Provided records:
+++

(* Reindexing
   (m, m') by shifts (n + k, n + k') turns the triple mean into a sum over
   (k, k') of factorized means, where e contributes [Ab] for k = k' and
   the off-diagonal value otherwise. *)
Section Factorization.
Variables (f g : 'I_N -> 'I_N -> 'I_N -> R).
Hypothesis factorization : forall pi pi' : 'S_N,
  N%:R^-1 * \sum_(n < N) g n (pi n) (pi' n)
  = (N%:R^-1 * \sum_(n < N) e (pi n) (pi' n))
    * (N%:R^-1 * \sum_(n < N) f n (pi n) (pi' n)).

Let H1 := N%:R^-1 * \sum_(n < N) \sum_(m < N) f n m m.
Let H2 := N%:R^-1 * \sum_(n < N) \sum_(m < N) \sum_(m' < N) f n m m'.
Let F k k' := N%:R^-1 * \sum_(n < N) f n (shift k n) (shift k' n).

Let shift_triple_sum (h : 'I_N -> 'I_N -> 'I_N -> R) :
  \sum_(n < N) \sum_(m < N) \sum_(m' < N) h n m m'
  = \sum_(k < N) \sum_(k' < N) \sum_(n < N) h n (shift k n) (shift k' n).
Proof.
under eq_bigr => n _ do rewrite (sum_shift2 _ (h n) n).
by rewrite exchange_big; apply: eq_bigr => k _; exact: exchange_big.
Qed.

Lemma factorized_triple_mean :
  N%:R^-1 * \sum_(n < N) \sum_(m < N) \sum_(m' < N) g n m m'
  = Ab * H1 + c * ((N%:R * Ab' - Ab) * (H2 - H1)).
Proof.
set beta := c * (N%:R * Ab' - Ab).
have H1E : H1 = \sum_(k < N) F k k.
  rewrite /H1 /F -mulr_sumr; congr (_ * _).
  under eq_bigr => n _ do rewrite (sum_shift _ (fun m => f n m m) n).
  exact: exchange_big.
have H2E : H2 = \sum_(k < N) \sum_(k' < N) F k k'.
  rewrite /H2 /F shift_triple_sum mulr_sumr; apply: eq_bigr => k _.
  by rewrite mulr_sumr.
have row k : \sum_(k' < N) (if k == k' then Ab else beta) * F k k'
    = Ab * F k k + beta * (\sum_(k' < N) F k k' - F k k).
  rewrite (bigD1 k) //= eqxx [in RHS](bigD1 k) //= (addrC (F k k)) addrK.
  rewrite mulr_sumr.
  by congr (_ + _); apply: eq_bigr => k' k'k; rewrite eq_sym (negbTE k'k).
rewrite shift_triple_sum mulr_sumr.
under eq_bigr => k _.
  rewrite mulr_sumr.
  under eq_bigr => k' _ do rewrite factorization shifted_diagonal_mean.
  rewrite row.
  over.
rewrite big_split /= -mulr_sumr -[\sum_(k < N) beta * _]mulr_sumr sumrB.
by rewrite H1E H2E /beta (mulrA c).
Qed.

End Factorization.

End InvariantMatrix.

End BatchSums.

Lemma expected_hessian_entry (R : realType) (d : measure_display)
  (T : measurableType d) (P : probability T R) (L : nat) (C : nat -> nat)
  (N : nat) (abar : act_family R T L C N) (D : hess_family R T L C N)
  (l l' : 'I_L) (b : 'I_(C l).+1) (dd : 'I_(C l').+1)
  (a : 'I_(C l.+1)) (c : 'I_(C l'.+1)) :
  (0 < N)%N ->
  (forall l b m, measurable_fun setT (abar l b m)) ->
  (forall l l' b dd m m',
     P.-integrable setT (EFin \o (fun w => abar l b m w * abar l' dd m' w))) ->
  (forall l l' n a m c m', P.-integrable setT (EFin \o D l l' n a m c m')) ->
  (forall l l' b dd n a m c m', P.-integrable setT
     (EFin \o (fun w => abar l b m w * abar l' dd m' w * D l l' n a m c m' w))) ->
  exchangeable P abar D -> factorizes P abar D ->
  let Ab := Ex P (fun w => avgN (fun n => abar l b n w * abar l' dd n w)) in
  let Ab' := Ex P (fun w => avgN (fun n => abar l b n w)
                            * avgN (fun n => abar l' dd n w)) in
  let H1 := Ex P (fun w => avgN (fun n => \sum_(m < N) D l l' n a m c m w)) in
  let H2 := Ex P (fun w => avgN (fun n =>
              \sum_(m < N) \sum_(m' < N) D l l' n a m c m' w)) in
  Ex P (fun w => avgN (fun n => \sum_(m < N) \sum_(m' < N)
    abar l b m w * abar l' dd m' w * D l l' n a m c m' w))
  = Ab * H1 + (maxn (N - 1) 1)%:R^-1 * ((N%:R * Ab' - Ab) * (H2 - H1)).
Proof.
move=> N_gt0 ma iaa iD iaaD hex hfact /=.
have Laa m m' : (fun w => abar l b m w * abar l' dd m' w) \in Lfun P 1.
  exact/Lfun1_integrable/iaa.
have LD n m m' : D l l' n a m c m' \in Lfun P 1 by exact/Lfun1_integrable/iD.
have LaaD n m m' : (fun w => abar l b m w * abar l' dd m' w
                     * D l l' n a m c m' w) \in Lfun P 1.
  exact/Lfun1_integrable/iaaD.
rewrite (Ex_avg_sum2 LaaD) (Ex_avg (fun n => Laa n n)) (Ex_avg_mul Laa).
rewrite (Ex_avg_sum (fun n m => LD n m m)) (Ex_avg_sum2 LD).
pose e m m' := Ex P (fun w => abar l b m w * abar l' dd m' w).
pose f n m m' := Ex P (D l l' n a m c m').
pose g n m m' := Ex P (fun w => abar l b m w * abar l' dd m' w
                                * D l l' n a m c m' w).
apply: (@factorized_triple_mean N N_gt0 R e _ f g) => [s m m'|pi pi'].
  exact: (exchangeable_second_moment hex ma iaa l l' b dd m m' s).
by have := hfact l l' b dd a c pi pi'; rewrite !Ex_avg.
Qed.

Theorem theorem2 (R : realType) (d : measure_display) (T : measurableType d)
  (P : probability T R) (L : nat) (C : nat -> nat) (N : nat)
  (abar : act_family R T L C N) (D : hess_family R T L C N) :
  (0 < N)%N ->
  (forall l b m, measurable_fun setT (abar l b m)) ->
  (forall l l' n a m c m', measurable_fun setT (D l l' n a m c m')) ->
  (forall l l' b dd m m',
     P.-integrable setT (EFin \o (fun w => abar l b m w * abar l' dd m' w))) ->
  (forall l l' n a m c m', P.-integrable setT (EFin \o D l l' n a m c m')) ->
  (forall l l' b dd n a m c m',
     P.-integrable setT
       (EFin \o (fun w => abar l b m w * abar l' dd m' w
                          * D l l' n a m c m' w))) ->
  exchangeable P abar D ->
  factorizes P abar D ->
  forall l l' : 'I_L,
    H_blk P abar D l l'
    = kron (Abar_blk P abar l l') (H'_blk P D l l')
      + (maxn (N - 1) 1)%:R^-1 *:
          kron (N%:R *: Abar'_blk P abar l l' - Abar_blk P abar l l')
               (H''_blk P D l l' - H'_blk P D l l').
Proof.
move=> N_gt0 ma _ iaa iD iaaD hex hfact l l'.
apply/matrixP => i j; rewrite !mxE.
case: (vsplit i) => b a; case: (vsplit j) => dd c /=.
exact: expected_hessian_entry.
Qed.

+++

Exercise details:
Could the data above be returned exactly as it stands?

Task result:
(* Reindexing
   (m, m') by shifts (n + k, n + k') turns the triple mean into a sum over
   (k, k') of factorized means, where e contributes [Ab] for k = k' and
   the off-diagonal value otherwise. *)
Section Factorization.
Variables (f g : 'I_N -> 'I_N -> 'I_N -> R).
Hypothesis factorization : forall pi pi' : 'S_N,
  N%:R^-1 * \sum_(n < N) g n (pi n) (pi' n)
  = (N%:R^-1 * \sum_(n < N) e (pi n) (pi' n))
    * (N%:R^-1 * \sum_(n < N) f n (pi n) (pi' n)).

Let H1 := N%:R^-1 * \sum_(n < N) \sum_(m < N) f n m m.
Let H2 := N%:R^-1 * \sum_(n < N) \sum_(m < N) \sum_(m' < N) f n m m'.
Let F k k' := N%:R^-1 * \sum_(n < N) f n (shift k n) (shift k' n).

Let shift_triple_sum (h : 'I_N -> 'I_N -> 'I_N -> R) :
  \sum_(n < N) \sum_(m < N) \sum_(m' < N) h n m m'
  = \sum_(k < N) \sum_(k' < N) \sum_(n < N) h n (shift k n) (shift k' n).
Proof.
under eq_bigr => n _ do rewrite (sum_shift2 _ (h n) n).
by rewrite exchange_big; apply: eq_bigr => k _; exact: exchange_big.
Qed.

Lemma factorized_triple_mean :
  N%:R^-1 * \sum_(n < N) \sum_(m < N) \sum_(m' < N) g n m m'
  = Ab * H1 + c * ((N%:R * Ab' - Ab) * (H2 - H1)).
Proof.
set beta := c * (N%:R * Ab' - Ab).
have H1E : H1 = \sum_(k < N) F k k.
  rewrite /H1 /F -mulr_sumr; congr (_ * _).
  under eq_bigr => n _ do rewrite (sum_shift _ (fun m => f n m m) n).
  exact: exchange_big.
have H2E : H2 = \sum_(k < N) \sum_(k' < N) F k k'.
  rewrite /H2 /F shift_triple_sum mulr_sumr; apply: eq_bigr => k _.
  by rewrite mulr_sumr.
have row k : \sum_(k' < N) (if k == k' then Ab else beta) * F k k'
    = Ab * F k k + beta * (\sum_(k' < N) F k k' - F k k).
  rewrite (bigD1 k) //= eqxx [in RHS](bigD1 k) //= (addrC (F k k)) addrK.
  rewrite mulr_sumr.
  by congr (_ + _); apply: eq_bigr => k' k'k; rewrite eq_sym (negbTE k'k).
rewrite shift_triple_sum mulr_sumr.
under eq_bigr => k _.
  rewrite mulr_sumr.
  under eq_bigr => k' _ do rewrite factorization shifted_diagonal_mean.
  rewrite row.
  over.
rewrite big_split /= -mulr_sumr -[\sum_(k < N) beta * _]mulr_sumr sumrB.
by rewrite H1E H2E /beta (mulrA c).
Qed.

End Factorization.

End InvariantMatrix.

End BatchSums.

Lemma expected_hessian_entry (R : realType) (d : measure_display)
  (T : measurableType d) (P : probability T R) (L : nat) (C : nat -> nat)
  (N : nat) (abar : act_family R T L C N) (D : hess_family R T L C N)
  (l l' : 'I_L) (b : 'I_(C l).+1) (dd : 'I_(C l').+1)
  (a : 'I_(C l.+1)) (c : 'I_(C l'.+1)) :
  (0 < N)%N ->
  (forall l b m, measurable_fun setT (abar l b m)) ->
  (forall l l' b dd m m',
     P.-integrable setT (EFin \o (fun w => abar l b m w * abar l' dd m' w))) ->
  (forall l l' n a m c m', P.-integrable setT (EFin \o D l l' n a m c m')) ->
  (forall l l' b dd n a m c m', P.-integrable setT
     (EFin \o (fun w => abar l b m w * abar l' dd m' w * D l l' n a m c m' w))) ->
  exchangeable P abar D -> factorizes P abar D ->
  let Ab := Ex P (fun w => avgN (fun n => abar l b n w * abar l' dd n w)) in
  let Ab' := Ex P (fun w => avgN (fun n => abar l b n w)
                            * avgN (fun n => abar l' dd n w)) in
  let H1 := Ex P (fun w => avgN (fun n => \sum_(m < N) D l l' n a m c m w)) in
  let H2 := Ex P (fun w => avgN (fun n =>
              \sum_(m < N) \sum_(m' < N) D l l' n a m c m' w)) in
  Ex P (fun w => avgN (fun n => \sum_(m < N) \sum_(m' < N)
    abar l b m w * abar l' dd m' w * D l l' n a m c m' w))
  = Ab * H1 + (maxn (N - 1) 1)%:R^-1 * ((N%:R * Ab' - Ab) * (H2 - H1)).
Proof.
move=> N_gt0 ma iaa iD iaaD hex hfact /=.
have Laa m m' : (fun w => abar l b m w * abar l' dd m' w) \in Lfun P 1.
  exact/Lfun1_integrable/iaa.
have LD n m m' : D l l' n a m c m' \in Lfun P 1 by exact/Lfun1_integrable/iD.
have LaaD n m m' : (fun w => abar l b m w * abar l' dd m' w
                     * D l l' n a m c m' w) \in Lfun P 1.
  exact/Lfun1_integrable/iaaD.
rewrite (Ex_avg_sum2 LaaD) (Ex_avg (fun n => Laa n n)) (Ex_avg_mul Laa).
rewrite (Ex_avg_sum (fun n m => LD n m m)) (Ex_avg_sum2 LD).
pose e m m' := Ex P (fun w => abar l b m w * abar l' dd m' w).
pose f n m m' := Ex P (D l l' n a m c m').
pose g n m m' := Ex P (fun w => abar l b m w * abar l' dd m' w
                                * D l l' n a m c m' w).
apply: (@factorized_triple_mean N N_gt0 R e _ f g) => [s m m'|pi pi'].
  exact: (exchangeable_second_moment hex ma iaa l l' b dd m m' s).
by have := hfact l l' b dd a c pi pi'; rewrite !Ex_avg.
Qed.

Theorem theorem2 (R : realType) (d : measure_display) (T : measurableType d)
  (P : probability T R) (L : nat) (C : nat -> nat) (N : nat)
  (abar : act_family R T L C N) (D : hess_family R T L C N) :
  (0 < N)%N ->
  (forall l b m, measurable_fun setT (abar l b m)) ->
  (forall l l' n a m c m', measurable_fun setT (D l l' n a m c m')) ->
  (forall l l' b dd m m',
     P.-integrable setT (EFin \o (fun w => abar l b m w * abar l' dd m' w))) ->
  (forall l l' n a m c m', P.-integrable setT (EFin \o D l l' n a m c m')) ->
  (forall l l' b dd n a m c m',
     P.-integrable setT
       (EFin \o (fun w => abar l b m w * abar l' dd m' w
                          * D l l' n a m c m' w))) ->
  exchangeable P abar D ->
  factorizes P abar D ->
  forall l l' : 'I_L,
    H_blk P abar D l l'
    = kron (Abar_blk P abar l l') (H'_blk P D l l')
      + (maxn (N - 1) 1)%:R^-1 *:
          kron (N%:R *: Abar'_blk P abar l l' - Abar_blk P abar l l')
               (H''_blk P D l l' - H'_blk P D l l').
Proof.
move=> N_gt0 ma _ iaa iD iaaD hex hfact l l'.
apply/matrixP => i j; rewrite !mxE.
case: (vsplit i) => b a; case: (vsplit j) => dd c /=.
exact: expected_hessian_entry.
Qed.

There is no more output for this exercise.